When an employer is proposing to make collective redundancies the employer must consult with trade unions or elected worker representatives in ‘good time’ and ‘in any event at least 45 days … before the first of the dismissals takes effect’ where more than 100 employees at one establishment are dismissed (or 30 days if fewer).

None of this has happened, as P&O Ferries admits: ‘No consultation was carried out in advance’. In ‘special circumstances’ where it is not ‘reasonably practicable’ to comply with the obligation for full consultation the employer must take such steps as are ‘reasonably practicable’. This does not appear to have happened either.

So employees are entitled to a protective award of up to 90 days’ pay (so around £7,700 for Ben). Trade unions can apply for the award on their behalf.
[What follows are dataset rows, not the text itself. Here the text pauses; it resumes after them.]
(* For all natural numbers $m$ and $n$, every vertex of the polytope $\operatorname{Hom}(\Box_m,\triangle_n)$ has rank $0$ or $1$; that is, $$\operatorname{vert}(\Box_m,\triangle_n)=\operatorname{vert}^{(0)}(\Box_m,\triangle_n)\cup\operatorname{vert}^{(1)}(\Box_m,\triangle_n).$$
   Context: For convex polytopes $P,Q$ (in real finite-dimensional vector spaces), $\operatorname{Hom}(P,Q)$ denotes the set of maps $P\to Q$ that are restrictions of affine maps $\operatorname{Aff}(P)\to\operatorname{Aff}(Q)$ between the affine hulls; viewed as a subset of the real affine space of all affine maps $\operatorname{Aff}(P)\to\operatorname{Aff}(Q)$, it is a convex polytope. $\operatorname{vert}(P,Q)$ denotes its set of vertices (called vertex maps). The rank of $f\in\operatorname{Hom}(P,Q)$ is $\dim\operatorname{Aff}(f(P))$, and $\operatorname{vert}^{(k)}(P,Q)$ is the set of vertex maps of rank $k$. $\triangle_n=\operatorname{conv}(0,e_1,\ldots,e_n)\subset\mathbb{R}^n$ and $\Box_m=\operatorname{conv}\{(a_1,\ldots,a_m): a_i=\pm1\}\subset\mathbb{R}^m$, where $e_i$ are standard basis vectors. *)

From HB Require Import structures.
From mathcomp Require Import all_boot all_order all_algebra.
From mathcomp Require Import reals.
Set Implicit Arguments. Unset Strict Implicit. Unset Printing Implicit Defensive.
Import Order.TTheory GRing.Theory Num.Theory.
Local Open Scope ring_scope.

Definition conv_pts (R : realType) (k : nat) (I : finType) (p : I -> 'rV[R]_k)
  (x : 'rV[R]_k) : Prop :=
  exists l : I -> R, (forall i, 0 <= l i) /\ \sum_i l i = 1 /\ x = \sum_i l i *: p i.

Definition cube_vert (R : realType) (m : nat) (s : {ffun 'I_m -> bool}) : 'rV[R]_m :=
  \row_j (if s j then 1 else -1).
Definition cube (R : realType) (m : nat) : 'rV[R]_m -> Prop :=
  conv_pts (@cube_vert R m).

Definition simplex_vert (R : realType) (n : nat) (o : option 'I_n) : 'rV[R]_n :=
  match o with None => 0 | Some i => \row_j (i == j)%:R end.
Definition simplex (R : realType) (n : nat) : 'rV[R]_n -> Prop :=
  conv_pts (@simplex_vert R n).

(* Affine maps R^m -> R^n (affine hulls of Box_m and Delta_n), as pairs (A, b),
   acting by x |-> x *m A + b. The affine structure on affine maps is the
   componentwise one on pairs. *)
Definition affmap (R : realType) (m n : nat) := ('M[R]_(m, n) * 'rV[R]_n)%type.
Definition aff_app (R : realType) (m n : nat) (f : affmap R m n) (x : 'rV[R]_m)
  : 'rV[R]_n := x *m f.1 + f.2.

Definition Hom_cube_simplex (R : realType) (m n : nat) (f : affmap R m n) : Prop :=
  forall x, cube x -> simplex (aff_app f x).

Definition is_vertex (R : realType) (m n : nat) (P : affmap R m n -> Prop)
  (f : affmap R m n) : Prop :=
  P f /\ forall (g h : affmap R m n) (t : R), P g -> P h -> 0 < t < 1 ->
    f.1 = t *: g.1 + (1 - t) *: h.1 -> f.2 = t *: g.2 + (1 - t) *: h.2 -> g = h.

Definition aff_indep (R : realType) (n k : nat) (p : 'I_k.+1 -> 'rV[R]_n) : bool :=
  row_free (\matrix_(i < k) (p (lift ord0 i) - p ord0)).

Definition aff_dim_eq (R : realType) (n : nat) (S : 'rV[R]_n -> Prop) (k : nat) : Prop :=
  (exists p : 'I_k.+1 -> 'rV[R]_n, (forall i, S (p i)) /\ aff_indep p) /\
  ~ (exists p : 'I_k.+2 -> 'rV[R]_n, (forall i, S (p i)) /\ aff_indep p).

Definition hom_rank_eq (R : realType) (m n : nat) (f : affmap R m n) (k : nat) : Prop :=
  aff_dim_eq (fun y => exists x, cube x /\ y = aff_app f x) k.

(* A map [x |-> x *m A + b] sends the cube into the simplex iff
   [\sum_i |A i j| <= b j] for every [j] and
   [\sum_j b j + \sum_i |\sum_j A i j| <= 1]: each constraint is attained at a
   cube vertex whose signs are chosen accordingly. If two rows [i1], [i2] of [A]
   were nonzero, scaling them by [1 + t c2] and [1 - t c1] (where [c] is the
   row's contribution to both constraints), resp. by [1 - t c2] and [1 + t c1],
   and shifting [b] to compensate, gives two distinct maps of Hom whose midpoint
   is [(A, b)]. So a vertex has at most one nonzero row, hence [rank A <= 1],
   and the image of the cube is a point or a segment. *)

From HB Require Import structures.
From mathcomp Require Import all_boot all_order all_algebra.
From mathcomp Require Import reals.
From mathcomp Require Import ring lra.
Set Implicit Arguments. Unset Strict Implicit. Unset Printing Implicit Defensive.
Import Order.TTheory GRing.Theory Num.Theory.
Local Open Scope ring_scope.

Lemma conv_pts_vert (R : realType) k (I : finType) (p : I -> 'rV[R]_k) i :
  conv_pts p (p i).
Proof.
exists (fun i' => (i' == i)%:R); split=> [i'|]; first exact: ler0n.
split; first by rewrite (bigD1 i) //= eqxx big1 ?addr0 // => i' /negbTE ->.
by rewrite (bigD1 i) //= eqxx scale1r big1 ?addr0 // => i' /negbTE ->; rewrite scale0r.
Qed.

Lemma sum_two_points (R : pzRingType) (I : finType) (i1 i2 : I) (a1 a2 : R)
    (F : I -> R) : i1 != i2 ->
  \sum_i (if i == i1 then a1 else if i == i2 then a2 else 0) * F i
    = a1 * F i1 + a2 * F i2.
Proof.
move=> i12; rewrite (bigD1 i1) // (bigD1 i2) /= 1?eq_sym // eqxx.
rewrite eq_sym (negbTE i12) eqxx big1 ?addr0 // => i /andP[/negbTE -> /negbTE ->].
exact: mul0r.
Qed.

Lemma sum_option (V : nmodType) (I : finType) (F : option I -> V) :
  \sum_o F o = F None + \sum_i F (Some i).
Proof.
rewrite (bigD1 None) //= (reindex_omap Some id) => [|[]//].
by congr (_ + _); apply: eq_bigl => i; rewrite eqxx.
Qed.

Section Simplex.
Variables (R : realType) (n : nat).

Lemma simplexP (y : 'rV[R]_n) :
  simplex y <-> (forall j, 0 <= y 0 j) /\ \sum_j y 0 j <= 1.
Proof.
split=> [[l [l0 [l1 ->]]]|[y0 y1]].
  have coord j o : @simplex_vert R n o 0 j = if o is Some i then (i == j)%:R else 0.
    by case: o => [i|]; rewrite !mxE.
  split=> [j|].
    rewrite summxE; apply: sumr_ge0 => o _; rewrite mxE coord.
    by apply: mulr_ge0 => //; case: o.
  under eq_bigr do rewrite summxE.
  rewrite exchange_big /= -l1; apply: ler_sum => o _.
  under eq_bigr do rewrite mxE coord.
  rewrite -mulr_sumr ler_piMr //; case: o => [i|]; last by rewrite big1.
  by rewrite (bigD1 i) //= eqxx big1 ?addr0 // => j /negbTE; rewrite eq_sym => ->.
exists (fun o => if o is Some i then y 0 i else 1 - \sum_j y 0 j).
split; first by case=> //; rewrite subr_ge0.
rewrite sum_option /= subrK; split=> //.
apply/rowP => j; rewrite summxE sum_option !mxE mulr0 add0r.
rewrite (bigD1 j) //= !mxE eqxx mulr1 big1 ?addr0 // => i ij.
by rewrite !mxE (negbTE ij) mulr0.
Qed.

End Simplex.

Section Cube.
Variables (R : realType) (m : nat).

Lemma cube_coord_norm (x : 'rV[R]_m) i : cube x -> `|x 0 i| <= 1.
Proof.
case=> l [l0 [l1 ->]]; rewrite summxE -l1.
apply: le_trans (ler_norm_sum _ _ _) (ler_sum _ _) => s _.
by rewrite !mxE normrM ger0_norm //; case: (s i); rewrite ?normrN normr1 mulr1.
Qed.

Lemma cube_vert_sign (v : 'I_m -> R) :
  \sum_i @cube_vert R m [ffun i => 0 <= v i] 0 i * v i = \sum_i `|v i|.
Proof.
apply: eq_bigr => i _; rewrite !mxE ffunE.
have [v0|v0] := lerP 0 (v i); first by rewrite mul1r ger0_norm.
by rewrite mulN1r ltr0_norm.
Qed.

Lemma cube_coord_mul_bound (x : 'rV[R]_m) i (a : R) :
  cube x -> - `|a| <= x 0 i * a <= `|a|.
Proof.
by move/(cube_coord_norm i) => x1; rewrite -ler_norml normrM ler_piMl.
Qed.

End Cube.

Section HomCubeSimplex.
Variables (R : realType) (m n : nat).
Implicit Types (A : 'M[R]_(m, n)) (b : 'rV[R]_n) (f : affmap R m n).

Definition hom_ineqs A b : Prop :=
  (forall j, \sum_i `|A i j| <= b 0 j) /\
  \sum_j b 0 j + \sum_i `|\sum_j A i j| <= 1.

Lemma aff_app_coord f x j :
  aff_app f x 0 j = \sum_i x 0 i * f.1 i j + f.2 0 j.
Proof. by rewrite !mxE. Qed.

Lemma aff_app_coord_sum f x :
  \sum_j aff_app f x 0 j = \sum_i x 0 i * \sum_j f.1 i j + \sum_j f.2 0 j.
Proof.
under eq_bigr do rewrite aff_app_coord; rewrite big_split /= exchange_big.
by congr (_ + _); apply: eq_bigr => i _; rewrite mulr_sumr.
Qed.

Lemma Hom_cube_simplexP f : Hom_cube_simplex f <-> hom_ineqs f.1 f.2.
Proof.
split=> [Hf | [col_le sum_le] x /cube_coord_mul_bound x_bnd]; last first.
  apply/simplexP; split=> [j|].
    have : \sum_i - `|f.1 i j| <= \sum_i x 0 i * f.1 i j.
      by apply: ler_sum => i _; have /andP[] := x_bnd i (f.1 i j).
    rewrite aff_app_coord sumrN; have := col_le j; lra.
  rewrite aff_app_coord_sum addrC; apply: le_trans sum_le; rewrite lerD2l.
  by apply: ler_sum => i _; have /andP[] := x_bnd i (\sum_j f.1 i j).
split=> [j|].
  pose s := [ffun i => 0 <= - f.1 i j].
  have /simplexP[/(_ j) + _] := Hf _ (conv_pts_vert (@cube_vert R m) s).
  rewrite aff_app_coord -[X in X + _]opprK -sumrN.
  under eq_bigr do rewrite -mulrN.
  by rewrite cube_vert_sign addrC subr_ge0; under eq_bigr do rewrite normrN.
pose s := [ffun i => 0 <= \sum_j f.1 i j].
have /simplexP[_] := Hf _ (conv_pts_vert (@cube_vert R m) s).
by rewrite aff_app_coord_sum cube_vert_sign addrC.
Qed.

End HomCubeSimplex.

Section RowPerturbation.
Variables (R : realType) (m n : nat).
Implicit Types (A : 'M[R]_(m, n)) (b : 'rV[R]_n) (d : 'I_m -> R).

Definition row_load A i : R := \sum_j `|A i j| + `|\sum_j A i j|.

Definition perturb_rows d A : 'M[R]_(m, n) := \matrix_(i, j) ((1 + d i) * A i j).

Definition perturb_shift d A b : 'rV[R]_n :=
  \row_j (b 0 j + \sum_i d i * `|A i j|).

Lemma row_load_gt0 A i : row i A != 0 -> 0 < row_load A i.
Proof.
apply: contraNT; rewrite -leNgt => load_le0; apply/eqP/rowP => j; rewrite !mxE.
have sum_norm0 : \sum_j `|A i j| = 0.
  apply/le_anti/andP; split; last exact: sumr_ge0.
  by apply: le_trans load_le0; rewrite /row_load lerDl normr_ge0.
apply/eqP/normr0P.
exact: (psumr_eq0P (fun j _ => normr_ge0 (A i j)) sum_norm0).
Qed.

Lemma hom_ineqs_perturb d A b :
  (forall i, -1 <= d i) -> \sum_i d i * row_load A i <= 0 ->
  hom_ineqs A b -> hom_ineqs (perturb_rows d A) (perturb_shift d A b).
Proof.
move=> d_ge load_le0 [col_le sum_le].
have w_ge0 i : 0 <= 1 + d i by have := d_ge i; lra.
have normM i x : `|(1 + d i) * x| = `|x| + d i * `|x|.
  by rewrite normrM ger0_norm // mulrDl mul1r.
split=> [j|].
  under eq_bigr do rewrite mxE normM.
  by rewrite big_split /= mxE lerD2r.
under eq_bigr do rewrite mxE.
under [X in _ + X]eq_bigr
  do rewrite (eq_bigr _ (fun j _ => mxE _ _ _ _)) -mulr_sumr normM.
rewrite !big_split /= exchange_big /=.
under [X in _ + X + _ <= _]eq_bigr do rewrite -mulr_sumr.
have load_split : \sum_i d i * row_load A i =
    \sum_i d i * \sum_j `|A i j| + \sum_i d i * `|\sum_j A i j|.
  by rewrite -big_split; apply: eq_bigr => i _; rewrite mulrDr.
move: load_le0; rewrite load_split; lra.
Qed.

End RowPerturbation.

Section Vertex.
Variables (R : realType) (m n : nat) (A : 'M[R]_(m, n)) (b : 'rV[R]_n).
Hypothesis Ab_vertex : is_vertex (@Hom_cube_simplex R m n) (A, b).

(* [(A, b)] is the midpoint of the perturbations by [d] and [- d]. *)
Lemma vertex_perturb_rows d :
  (forall i, `|d i| <= 1) -> \sum_i d i * row_load A i = 0 ->
  forall i, d i != 0 -> row i A = 0.
Proof.
move=> d_le1 load0 i di0; have [/Hom_cube_simplexP Ab_ineqs Ab_ext] := Ab_vertex.
pose pert s : affmap R m n :=
  (perturb_rows (fun i => s * d i) A, perturb_shift (fun i => s * d i) A b).
have pert_hom s : s = 1 \/ s = -1 -> Hom_cube_simplex (pert s).
  move=> s_pm; apply/Hom_cube_simplexP/hom_ineqs_perturb => [k||//].
    by have := d_le1 k; rewrite ler_norml => /andP[]; case: s_pm => ->; lra.
  by under eq_bigr do rewrite -mulrA; rewrite -mulr_sumr load0 mulr0.
have : pert 1 = pert (-1).
  apply: (Ab_ext _ _ 2^-1 (pert_hom 1 (or_introl erefl))
                          (pert_hom (-1) (or_intror erefl))).
  - by rewrite invr_gt0 invf_lt1 //; lra.
  - by apply/matrixP => k j; rewrite !mxE; field.
  - apply/rowP => j; rewrite !mxE /=; under eq_bigr do rewrite mul1r.
    under [X in _ = _ + _ * (_ + X)]eq_bigr do rewrite mulN1r mulNr.
    by rewrite sumrN; field.
move/(congr1 (fun g : affmap R m n => g.1)) => /matrixP same_rows.
apply/rowP => j; have := same_rows i j; rewrite !mxE mul1r mulN1r => /eqP.
have -> : 1 - d i = (1 + d i) - 2 * d i by ring.
rewrite mulrBl -subr_eq0 opprB addrC subrK !mulf_eq0 pnatr_eq0 (negbTE di0).
by move/eqP.
Qed.

Lemma vertex_rows_zero i1 i2 : i1 != i2 -> row i1 A = 0 \/ row i2 A = 0.
Proof.
move=> i12; have [|nz1] := eqVneq (row i1 A) 0; first by left.
have [|nz2] := eqVneq (row i2 A) 0; first by right.
have c1_gt0 := row_load_gt0 nz1; have c2_gt0 := row_load_gt0 nz2.
set c1 := row_load A i1 in c1_gt0; set c2 := row_load A i2 in c2_gt0.
have c12_gt0 : 0 < c1 + c2 by lra.
have frac_le1 c : 0 < c -> c <= c1 + c2 -> `|c / (c1 + c2)| <= 1.
  move=> c_gt0 c_le; rewrite ger0_norm; last by rewrite divr_ge0 // ltW.
  by rewrite ler_pdivrMr // mul1r.
pose d i :=
  if i == i1 then c2 / (c1 + c2) else if i == i2 then - (c1 / (c1 + c2)) else 0.
have d_le1 i : `|d i| <= 1.
  rewrite /d; case: ifP => _; first by apply: frac_le1; lra.
  by case: ifP => _; rewrite ?normrN ?normr0 //; apply: frac_le1; lra.
have load0 : \sum_i d i * row_load A i = 0.
  by rewrite sum_two_points // -/c1 -/c2; field; rewrite gt_eqF.
have d1_nz : d i1 != 0 by rewrite /d eqxx mulf_neq0 ?invr_eq0 ?gt_eqF.
by move: nz1; rewrite (vertex_perturb_rows d_le1 load0 d1_nz) eqxx.
Qed.

Lemma vertex_rank_le1 : (\rank A <= 1)%N.
Proof.
have [i0 /negbTE nz0|rows0] := pickP (fun i => row i A != 0); last first.
  suff -> : A = 0 by rewrite mxrank0.
  by apply/row_matrixP => i; rewrite row0; apply/eqP/negbFE/rows0.
apply: leq_trans (rank_leq_row (row i0 A)); apply/mxrankS/row_subP => i.
have [-> //|i_ne] := eqVneq i i0.
by case: (vertex_rows_zero i_ne) => [-> | /eqP]; rewrite ?sub0mx ?nz0.
Qed.

End Vertex.

Section HomImage.
Variables (R : realType) (m n : nat).
Implicit Types (f : affmap R m n).
Local Notation vert := (@cube_vert R m).

Definition hom_image f (y : 'rV[R]_n) : Prop := exists x, cube x /\ y = aff_app f x.

Lemma hom_image_cube_vert f s : hom_image f (aff_app f (vert s)).
Proof. by exists (vert s); split=> //; apply: conv_pts_vert. Qed.

Lemma hom_image_no_indep f k : (\rank f.1 <= k)%N ->
  ~ exists p : 'I_k.+2 -> 'rV[R]_n, (forall i, hom_image f (p i)) /\ aff_indep p.
Proof.
move=> rk [p [p_img]]; rewrite /aff_indep -row_leq_rank ltnNge => /negP; apply.
apply: leq_trans rk; apply/mxrankS/row_subP => i; rewrite rowK.
have [x0 [_ ->]] := p_img ord0; have [x1 [_ ->]] := p_img (lift ord0 i).
by rewrite /aff_app opprD addrACA subrr addr0 -mulNmx addmx_sub ?submxMl.
Qed.

Lemma hom_rank_eq0 f : f.1 = 0 -> hom_rank_eq f 0.
Proof.
move=> f0; split; last by apply: hom_image_no_indep; rewrite f0 mxrank0.
exists (fun _ => aff_app f (vert [ffun => true])).
by split=> [i|]; [apply: hom_image_cube_vert | rewrite /aff_indep -row_leq_rank].
Qed.

Lemma hom_rank_eq1 f : f.1 != 0 -> (\rank f.1 <= 1)%N -> hom_rank_eq f 1.
Proof.
move=> f_nz rk; split; last exact: hom_image_no_indep.
have [i0 row_nz] : exists i0, row i0 f.1 != 0.
  apply/existsP; apply: contraNT f_nz => /existsPn rows0.
  by apply/eqP/row_matrixP => i; rewrite row0; apply/eqP/negbNE/rows0.
pose s0 : {ffun 'I_m -> bool} := [ffun i => i != i0].
pose s1 : {ffun 'I_m -> bool} := [ffun=> true].
have vert_diff : vert s1 - vert s0 = 2 *: delta_mx 0 i0.
  apply/rowP => i; rewrite !mxE !ffunE eq_sym.
  by case: eqP => _ /=; rewrite ?mulr1 ?mulr0; [rewrite opprK | rewrite subrr].
have img_diff : aff_app f (vert s1) - aff_app f (vert s0) = 2 *: row i0 f.1.
  rewrite /aff_app opprD addrACA subrr addr0 -mulNmx -mulmxDl vert_diff.
  by rewrite -scalemxAl rowE.
exists (fun i : 'I_2 => aff_app f (vert (if i == ord0 then s0 else s1))).
split=> [i|]; first exact: hom_image_cube_vert.
rewrite /aff_indep -row_leq_rank lt0n mxrank_eq0; apply: contra row_nz.
move=> /eqP/(congr1 (row 0)); rewrite rowK row0 /= img_diff => /eqP.
by rewrite scaler_eq0 pnatr_eq0.
Qed.

End HomImage.

Theorem theorem4p1 (R : realType) (m n : nat) (f : affmap R m n) :
  is_vertex (@Hom_cube_simplex R m n) f ->
  hom_rank_eq f 0 \/ hom_rank_eq f 1.
Proof.
case: f => A b Ab_vertex.
have [A0 | A_nz] := eqVneq A 0; [left; exact: hom_rank_eq0 | right].
exact: (@hom_rank_eq1 R m n (A, b) A_nz (vertex_rank_le1 Ab_vertex)).
Qed.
Unlike in other EU countries, it is not possible to get an injunction to restrain a breach of the collective redundancies legislation.

There is also a duty to give at least 45 days notice to the Secretary of State where the employer proposes to dismiss 100 or more employees as redundant within a period of 90 days. The Secretary of State’s letter to P&O’s CEO suggests this did not happen (and this in itself is a criminal offence). Even if there had been notification, the Secretary of State could not stop the collective redundancies from occurring.

P&O denies it has committed any criminal offence because it notified ‘the competent authority of the state where the vessel is registered’ (Bermuda, Bahamas, Cyprus); it didn’t need to notify the UK government. This is due to an amendment to UK legislation introduced as a result of an amendment to a 2015 EU law concerning seafarers.

P&O Ferries has admitted that ‘We know that for our people this redundancy came without warning or prior consultation’. They also appear to be willing to pay up: ‘We have offered enhanced severance terms to those affected to properly and promptly compensate them’.

So, on a rough calculation Ben might be able to receive about £23,600 from P&O Ferries. If multiplied by 800 workers that will cost the company about £19 million; P&O says its compensation scheme will cost £36.5m, with no one receiving less than £15,000. If P&O’s losses are £100 million, paying the employees off in this way may represent an ‘efficient breach’. It’s a cost saving way of addressing an ongoing financial loss, albeit one which has ruined the livelihoods of many staff and ‘caused distress for them and their families’.

And the purported employment of Indian workers on $2.38 an hour in place of the sacked crew? If they are deemed to be ordinarily working in the United Kingdom they will be subject to UK minimum wage laws. This hourly rate clearly does not meet that level, so there may well be trouble looming for P&O on this front.

So is UK law on dismissal more flexible than those laws across Europe? In a word, yes. The OECD ranks all countries in order of ‘strictness of employment protection – individual and collective dismissals (regular contracts)’. The OECD average is 2.06. The US is the most flexible at 0.09, with Canada next at 0.59. Ireland is fifth at 1.23; the UK sixth at 1.35. France and Germany come in at 35th and 36th with figures of 2.56 and 2.60 respectively.

So it is easier to dismiss workers in the UK, as the staff at P&O have found out – but this has nothing to do with Brexit.

By Catherine Barnard, Deputy Director at UK in a Changing Europe and Professor of European Union Law and Employment Law at the University of Cambridge.